Discovering Abstract Symbolic Relations by Learning Unitary Group Representations
- URL: http://arxiv.org/abs/2402.17002v4
- Date: Wed, 22 May 2024 23:02:44 GMT
- Title: Discovering Abstract Symbolic Relations by Learning Unitary Group Representations
- Authors: Dongsung Huh,
- Abstract summary: We investigate a principled approach for symbolic operation completion (SOC)

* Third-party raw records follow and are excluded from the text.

(* Let $p_1,p_2\in\mathcal{P}_{KZ}$ be transcendental periods with $\deg(p_1)\neq\deg(p_2)$. Then $p_1/p_2$ is a transcendental number.
   Context: $\mathbb{R}_{\mathrm{alg}}=\mathbb{R}\cap\overline{\mathbb{Q}}$. Semialgebraic subsets of $\mathbb{R}^n$ are finite unions of finite intersections of sets $\{f=0\}$, $\{g>0\}$ with $f,g\in\mathbb{R}_{\mathrm{alg}}[T_1,\dots,T_n]$; $\mathcal{SA}^n$ denotes those with nonempty interior. A period is a real number $\int_X (P/Q)(x)\,dx$ (absolutely convergent) with $X\in\mathcal{SA}^n$, $P,Q\in\mathbb{R}_{\mathrm{alg}}[T_1,\dots,T_n]$, $Q$ not identically zero on $X$; $\mathcal{P}_{KZ}$ is the set of periods. For a nonzero period $p$ there exists a positive integer $k$ and a compact $K\in\mathcal{SA}^k$ with $|p|=\mathrm{vol}_k(K)$; $\deg(p)$ is the smallest such $k$, and $\deg(0)=0$. *)

From HB Require Import structures.
From mathcomp Require Import all_boot all_order all_algebra.
From mathcomp Require Import all_classical all_reals all_analysis.
From mathcomp Require mpoly.

Set Implicit Arguments.
Unset Strict Implicit.
Unset Printing Implicit Defensive.

Import Order.TTheory GRing.Theory Num.Theory.
Import numFieldNormedType.Exports.
Local Open Scope classical_set_scope.
Local Open Scope ring_scope.

Section Periods.
Variable R : realType.
Lemma mod_zero_divide p a : (0 < p)%nat -> (a mod p = 0)%nat <-> (Z.of_nat p | Z.of_nat a)%Z.
Proof. intros Hp. rewrite <- Z.mod_divide, <- Nat2Z.inj_mod; lia. Qed.

Lemma prime_mod_mult p a b : prime (Z.of_nat p) -> ((a * b) mod p = 0)%nat ->
  (a mod p = 0)%nat \/ (b mod p = 0)%nat.
Proof.
  intros Hp H. pose proof (prime_ge2 _ Hp).
  rewrite !mod_zero_divide by lia. rewrite mod_zero_divide, Nat2Z.inj_mul in H by lia.
  apply prime_mult; auto.
Qed.

Lemma coprime_prime_power p c j : prime (Z.of_nat p) -> (1 <= j)%nat ->
  (Nat.gcd c (p ^ j) =? 1)%nat = negb (c mod p =? 0)%nat.
Proof.
  intros Hp Hj. pose proof (prime_ge2 _ Hp).
  destruct (c mod p =? 0)%nat eqn:E; simpl.
  - apply Nat.eqb_eq in E. apply Nat.eqb_neq. intros Hg.
    assert (Hd : Nat.divide p (Nat.gcd c (p ^ j))).
    { apply Nat.gcd_greatest. { apply Nat.Lcm0.mod_divide; lia. }
      replace j with (succ (j - 1)) by lia. apply Nat.divide_factor_l. }
    rewrite Hg in Hd. apply Nat.divide_1_r in Hd. lia.
  - apply Nat.eqb_neq in E. apply Nat.eqb_eq.
    assert (Hr : rel_prime (Z.of_nat c) (Z.of_nat p ^ Z.of_nat j)).
    { apply Zpow_facts.rel_prime_Zpower_r; [lia|].
      apply rel_prime_sym, prime_rel_prime; auto. rewrite <- mod_zero_divide; lia. }
    destruct (Nat.gcd_divide_l c (p ^ j)) as [k1 Hk1].
    destruct (Nat.gcd_divide_r c (p ^ j)) as [k2 Hk2].
    destruct Hr as [_ _ Hr].
    assert (Hz : (Z.of_nat (Nat.gcd c (p ^ j)) | 1)%Z).
    { apply Hr; [exists (Z.of_nat k1) | exists (Z.of_nat k2)];
        rewrite <- ?Nat2Z.inj_pow; lia. }
    apply Z.divide_1_r_nonneg in Hz; lia.
Qed.

Lemma cubic_condition_p p c u : prime (Z.of_nat p) -> p <> 3%nat -> (c mod p <> 0)%nat ->
  ((c * 3 * u * u) mod p = 0)%nat <-> (u mod p = 0)%nat.
Proof.
  intros Hp H3 Hc. pose proof (prime_ge2 _ Hp) as Hp2. split.
  - intros H.
    destruct (prime_mod_mult _ _ _ Hp H) as [H1|]; auto.
    destruct (prime_mod_mult _ _ _ Hp H1) as [H2|]; auto.
    destruct (prime_mod_mult _ _ _ Hp H2) as [|H4]; [contradiction|].
    apply Nat.Lcm0.mod_divide in H4. destruct H4 as [[|[|k]] Hk]; lia.
  - intros H. apply Nat.Lcm0.mod_divide in H. destruct H as [k ->].
    replace (c * 3 * (k * p) * (k * p))%nat with ((c * 3 * k * k * p) * p)%nat by ring.
    apply Nat.Div0.mod_mul.
Qed.

Lemma cubic_condition_p2 p c u : prime (Z.of_nat p) -> (c mod p <> 0)%nat ->
  ((c * 3 * u * u) mod (p * p) = 0)%nat <-> (u mod p = 0)%nat.
Proof.
  intros Hp Hc. pose proof (prime_ge2 _ Hp) as Hp2. split.
  - intros H. apply Nat.Lcm0.mod_divide in H. destruct H as [k Hk].
    destruct (Nat.eq_dec p 3) as [->|E].
    + assert (Hm : ((c * (u * u)) mod 3 = 0)%nat).
      { apply Nat.Lcm0.mod_divide. exists k. lia. }
      destruct (prime_mod_mult _ _ _ Hp Hm) as [|Hm']; [contradiction|].
      destruct (prime_mod_mult _ _ _ Hp Hm'); tauto.
    + apply (cubic_condition_p p c u); auto.
      apply Nat.Lcm0.mod_divide. exists (k * p)%nat. lia.
  - intros H. apply Nat.Lcm0.mod_divide in H. destruct H as [k ->].
    replace (c * 3 * (k * p) * (k * p))%nat with ((c * 3 * k * k) * (p * p))%nat by ring.
    apply Nat.Div0.mod_mul.
Qed.

Lemma Snat_lift p c i : prime (Z.of_nat p) -> (c mod p <> 0)%nat -> (p = 3%nat \/ (1 <= i)%nat) ->
  Snat (p ^ (i + 3)) c = (RtoC (INR (p * p)) * Snat (p ^ i) c)%C.
Proof.
  intros Hp Hc Hi. pose proof (prime_ge2 _ Hp) as Hp2.
  assert (Hpi : (0 < p ^ i)%nat) by (apply Nat.neq_0_lt_0, Nat.pow_nonzero; lia).
  assert (Hal : exists al, (3 * p ^ (i + 1) * p ^ (i + 1) = p ^ (i + 3) * al)%nat).
  { destruct Hi as [->|Hi].
    - exists (3 ^ i)%nat. rewrite !Nat.pow_add_r. simpl. ring.
    - exists (3 * p ^ (i - 1))%nat. replace i with (succ (i - 1)) at 1 2 3 by lia.
      rewrite !Nat.pow_add_r. simpl. ring. }
  destruct Hal as [al Hal].
  rewrite (Snat_reduce p (p ^ (i + 1)) (p * p) (p ^ i) (p ^ (i + 3)) c al (p ^ (2 * i)));
    try lia.
  - f_equal. apply fsum_ext. intros w _. f_equal.
    assert (INR (p ^ i) <> 0) by (apply not_0_INR; lia).
    assert (INR p <> 0) by (apply not_0_INR; lia).
    rewrite Nat.pow_add_r, !mult_INR, (pow_INR p 3). simpl. field. split; auto.
  - rewrite !Nat.pow_add_r. simpl. ring.
  - rewrite Nat.pow_add_r. simpl. ring.
  - replace (2 * i)%nat with (i + i)%nat by lia. rewrite !Nat.pow_add_r. simpl. ring.
  - intros u. apply cubic_condition_p2; auto.
Qed.

Lemma Snat_one c : Snat 1 c = RtoC 1.
Proof.
  unfold Snat. simpl fsum. rewrite plus_zero_l, <- (e_nat 0).
  f_equal. simpl. unfold Rdiv. ring.
Qed.

Lemma Snat_p2 p c : prime (Z.of_nat p) -> p <> 3%nat -> (c mod p <> 0)%nat ->
  Snat (p ^ 2) c = RtoC (INR p).
Proof.
  intros Hp H3 Hc. pose proof (prime_ge2 _ Hp).
  rewrite (Snat_reduce p p p 1 (p ^ 2) c 3 p); try (simpl; lia).
  - simpl fsum. rewrite plus_zero_l.
    transitivity (RtoC (INR p) * RtoC 1)%C; [f_equal | apply Cmult_1_r].
    rewrite <- (e_nat 0), Nat.mul_0_r. f_equal. simpl. unfold Rdiv. ring.
  - intros u. apply cubic_condition_p; auto.
Qed.
Lemma subdiv_edge_cost_off v : (v < sink T)%nat -> occurs x v (S p) = false ->
  fl T v * dist2 (subdiv_pos Y v) (node_pos T' (subdiv_nxt v)) = edge_cost T v.
Proof.
  intros Hv Hin. rewrite occurs_false in Hin.
  assert (Hv1 : occurs (shift x 1) v p = false).
  { apply occurs_false. intros k Hk E. apply (Hin (S k)); [lia|auto]. }
  assert (Hv2 : occurs (shift x 1) (nxt T v) p = false).
  { apply occurs_false. intros k Hk E. unfold shift in E. symmetry in E.
    apply (chain_pred Hf) in E; try lia. apply (Hin k); [lia|]. rewrite E. f_equal; lia. }
  rewrite subdiv_nxt_other; [| intros E; apply (Hin p); [lia|auto] | auto].
  rewrite subdiv_node_pos by (apply nxt_le; auto).
  unfold subdiv_pos, edge_cost. rewrite Hv1, Hv2. reflexivity.
Qed.

Lemma subdiv_cost : Y 0%nat = node_pos T (x 0%nat) -> Y (S (S p)) = node_pos T (x (S p)) ->
  (forall w, nxt T' w = subdiv_nxt w) -> (forall w, fl T' w = subdiv_fl w) ->
  cost T' = off_chain_cost T p x + f * rsum (fun k => dist2 (Y k) (Y (S k))) (S (S p)).
Proof.
  intros HY0 HY1 Hnxt Hfl.
  unfold cost. replace (sink T') with (S (sink T)) by (unfold sink; rewrite HnS; lia).
  rewrite rsum_S.
  rewrite (rsum_ext _ (fun v => fl T v * dist2 (subdiv_pos Y v) (node_pos T' (subdiv_nxt v)))).
  2:{ intros v Hv. rewrite Hfl, Hnxt, subdiv_fl_old, <- subdiv_node_pos, lift_sink_lt by lia.
      reflexivity. }
  rewrite (rsum_mask _ x (sink T) (S p)).
  2:{ intros k Hk. apply (chain_step Hf); lia. }
  2:{ intros i j Hi Hj E. apply (chain_inj Hf); auto; lia. }
  unfold off_chain_cost. rewrite (rsum_S _ (S p)), Rmult_plus_distr_l, <- rsum_scal.
  rewrite (rsum_ext (fun v => if occurs x v (S p) then 0 else _)
                    (fun v => if occurs x v (S p) then 0 else edge_cost T v)).
  2:{ intros v Hv. destruct (occurs x v (S p)) eqn:E; auto. apply subdiv_edge_cost_off; auto. }
  rewrite (rsum_ext (fun k => fl T (x k) * _) (fun k => f * dist2 (Y k) (Y (S k)))).
  2:{ intros k Hk. rewrite (chain_flow Hf), subdiv_pos_chain by (auto; lia).
      destruct (Nat.eqb_spec k (S p)); [lia|]. f_equal. f_equal.
      destruct (Nat.eq_dec k p) as [->|].
      - rewrite subdiv_nxt_last, subdiv_node_pos_new. reflexivity.
      - rewrite subdiv_nxt_other by (try apply (chain_step Hf); try lia;
          intros E; apply (chain_inj Hf) in E; lia).
        rewrite (proj2 (chain_step Hf k ltac:(lia))), subdiv_node_pos by (apply (chain_node Hf); lia).
        rewrite subdiv_pos_chain by (auto; lia).
        destruct (Nat.eqb_spec (S k) (S p)); [lia|]. reflexivity. }
  rewrite Hfl, Hnxt. unfold subdiv_fl. rewrite Nat.eqb_refl.
  rewrite subdiv_nxt_new, subdiv_node_pos by (apply (chain_node Hf); lia).
  rewrite subdiv_pos_chain, Nat.eqb_refl, subdiv_node_pos_new, <- HY1 by (auto; lia). lra.
Qed.
(* Let $n\ge 2$, and let $L=(\ell_1,\dots,\ell_n)\in\mathbb{R}^n$ and $K=(k_1,\dots,k_n)\in\mathbb{R}^n$ satisfy $0<k_i<\ell_i$ for all $1\le i\le n$. Let $\Lambda\subset\mathbb{R}^n$ be the lattice generated by the rows of the $n\times n$ matrix $$\mathbf{G}=\begin{bmatrix} \ell_1 & -k_2 & 0 & \cdots & 0 & 0\\ 0 & \ell_2 & -k_3 & \cdots & 0 & 0\\ \vdots & & \ddots & \ddots & & \vdots\\ 0 & 0 & \cdots & \ell_{n-2} & -k_{n-1} & 0\\ 0 & 0 & \cdots & 0 & \ell_{n-1} & -k_n\\ -k_1 & 0 & \cdots & 0 & 0 & \ell_n \end{bmatrix},$$ i.e. row $i$ ($1\le i\le n-1$) has $\ell_i$ in column $i$ and $-k_{i+1}$ in column $i+1$, and row $n$ has $-k_1$ in column $1$ and $\ell_n$ in column $n$, all other entries being $0$. Then $\Lambda$ is a lattice tiling of $\mathbb{R}^n$ with $\mathcal{S}_{L,K}$.
   Context: For $L,K\in\mathbb{R}^n$ with $0<k_i<\ell_i$, the $n$-dimensional chair is $\mathcal{S}_{L,K}=\{(x_1,\dots,x_n)\in\mathbb{R}^n: 0\le x_i<\ell_i \text{ for all } i, \text{ and there exists } j \text{ with } x_j<\ell_j-k_j\}$. For a set $\mathcal{S}\subset\mathbb{R}^n$ and $U\in\mathbb{R}^n$, $U+\mathcal{S}=\{U+X: X\in\mathcal{S}\}$. A set $P\subseteq\mathbb{R}^n$ is a packing of $\mathbb{R}^n$ with $\mathcal{S}$ if the translates $X+\mathcal{S}$, $X\in P$, have pairwise non-intersecting interiors; it is a tiling if moreover the union of the closures of these translates is $\mathbb{R}^n$. A lattice is the set of all integer linear combinations of $n$ linearly independent vectors of $\mathbb{R}^n$ (its basis); a lattice $\Lambda$ is a lattice tiling with $\mathcal{S}$ if its point set is a tiling with $\mathcal{S}$. *)

From HB Require Import structures.
From mathcomp Require Import all_boot all_order all_algebra.
From mathcomp Require Import all_classical all_reals all_analysis.
Set Implicit Arguments. Unset Strict Implicit. Unset Printing Implicit Defensive.
Import Order.TTheory GRing.Theory Num.Theory.
Import numFieldNormedType.Exports.
Local Open Scope classical_set_scope.
Local Open Scope ring_scope.

Definition chair (R : realType) (n : nat) (L K : 'rV[R]_n) : set 'rV[R]_n :=
  [set x | (forall i, 0 <= x ord0 i /\ x ord0 i < L ord0 i) /\
           (exists j, x ord0 j < L ord0 j - K ord0 j)].

Definition translate (R : realType) (n : nat) (U : 'rV[R]_n) (S : set 'rV[R]_n)
  : set 'rV[R]_n := [set U + x | x in S].

Definition is_packing (R : realType) (n : nat) (P S : set 'rV[R]_n) : Prop :=
  forall X Y, P X -> P Y -> X <> Y ->
    interior (translate X S) `&` interior (translate Y S) = set0.

Definition is_tiling (R : realType) (n : nat) (P S : set 'rV[R]_n) : Prop :=
  is_packing P S /\ \bigcup_(X in P) closure (translate X S) = setT.

Definition lattice_of (R : realType) (n : nat) (B : 'M[R]_n) : set 'rV[R]_n :=
  [set v | exists z : 'I_n -> int, v = \sum_(i < n) (z i)%:~R *: row i B].

Definition lattice_tiling (R : realType) (n : nat) (B : 'M[R]_n) (S : set 'rV[R]_n)
  : Prop := row_free B /\ is_tiling (lattice_of B) S.

Definition chairG (R : realType) (n : nat) (L K : 'rV[R]_n) : 'M[R]_n :=
  \matrix_(i < n, j < n)
    if j == i then L ord0 i
    else if (j : nat) == ((i : nat).+1 %% n)%N then - K ord0 j else 0.

From mathcomp Require Import all_boot all_order all_algebra.
From mathcomp Require Import all_classical all_reals all_analysis.
From mathcomp Require Import zify ring lra.
Set Implicit Arguments. Unset Strict Implicit. Unset Printing Implicit Defensive.
Import Order.TTheory GRing.Theory Num.Theory.
Import numFieldNormedType.Exports.
Local Open Scope ring_scope.

(* Write a lattice point as z G with z in Z^n (indices taken cyclically).
   Coordinatewise, x - z G lies in the box [0, L) exactly when
   z_j = f_j (z_(j-1)) with f_j m = floor ((x_j + K_j m) / L_j), and it avoids the
   removed corner [L - K, L) exactly when f_j (z_(j-1) + 1) <= z_j for some j.
   Each f_j is nondecreasing with f_j (a + 1) <= f_j a + 1, hence so is the map g
   obtained by composing them once around the cycle, and the solutions z correspond
   to the integers m with g m = m and g (m + 1) <= m.  Such an m exists by a discrete
   intermediate value argument, and it is unique since g (m + 1 + d) <= g (m + 1) + d.
   The rows of G are independent because at a coordinate j where |u_j| is maximal,
   u G = 0 gives L_j |u_j| = K_j |u_(j-1)| <= K_j |u_j|, forcing u = 0. *)

Lemma int_crossing (g : int -> int) (a b : int) :
  a <= b -> a <= g a -> g b < b -> exists m, m <= g m /\ g (m + 1) < m + 1.
Proof.
move=> le_ab; have [N ->] : exists N : nat, b = a + N%:Z.
  by exists `|b - a|%N; rewrite gez0_abs ?subr_ge0 // addrCA subrr addr0.
elim: N a {le_ab} => [|N IH] a ga gb; first by move: gb; rewrite addr0 ltNge ga.
have [ga1|] := leP (a + 1) (g (a + 1)); last by exists a.
by move: gb; rewrite (_ : a + N.+1%:Z = a + 1 + N%:Z); [exact: IH | lia].
Qed.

SOC poses a unique challenge in modeling abstract relationships between discrete symbols.
We demonstrate that SOC can be efficiently solved by a minimal model - a bilinear map - with a novel factorized architecture.
- Score: 7.303827428956944
- License: http://creativecommons.org/licenses/by-nc-nd/4.0/
- Abstract: We investigate a principled approach for symbolic operation completion (SOC), a minimal task for studying symbolic reasoning. While conceptually similar to matrix completion, SOC poses a unique challenge in modeling abstract relationships between discrete symbols. We demonstrate that SOC can be efficiently solved by a minimal model - a bilinear map - with a novel factorized architecture. Inspired by group representation theory, this architecture leverages matrix embeddings of symbols, modeling each symbol as an operator that dynamically influences others. Our model achieves perfect test accuracy on SOC with comparable or superior sample efficiency to Transformer baselines across most datasets, while boasting significantly faster learning speeds (100-1000$\times$). Crucially, the model exhibits an implicit bias towards learning general group structures, precisely discovering the unitary representations of underlying groups. This remarkable property not only confers interpretability but also significant implications for automatic symmetry discovery in geometric deep learning. Overall, our work establishes group theory as a powerful guiding principle for discovering abstract algebraic structures in deep learning, and showcases matrix representations as a compelling alternative to traditional vector embeddings for modeling symbolic relationships.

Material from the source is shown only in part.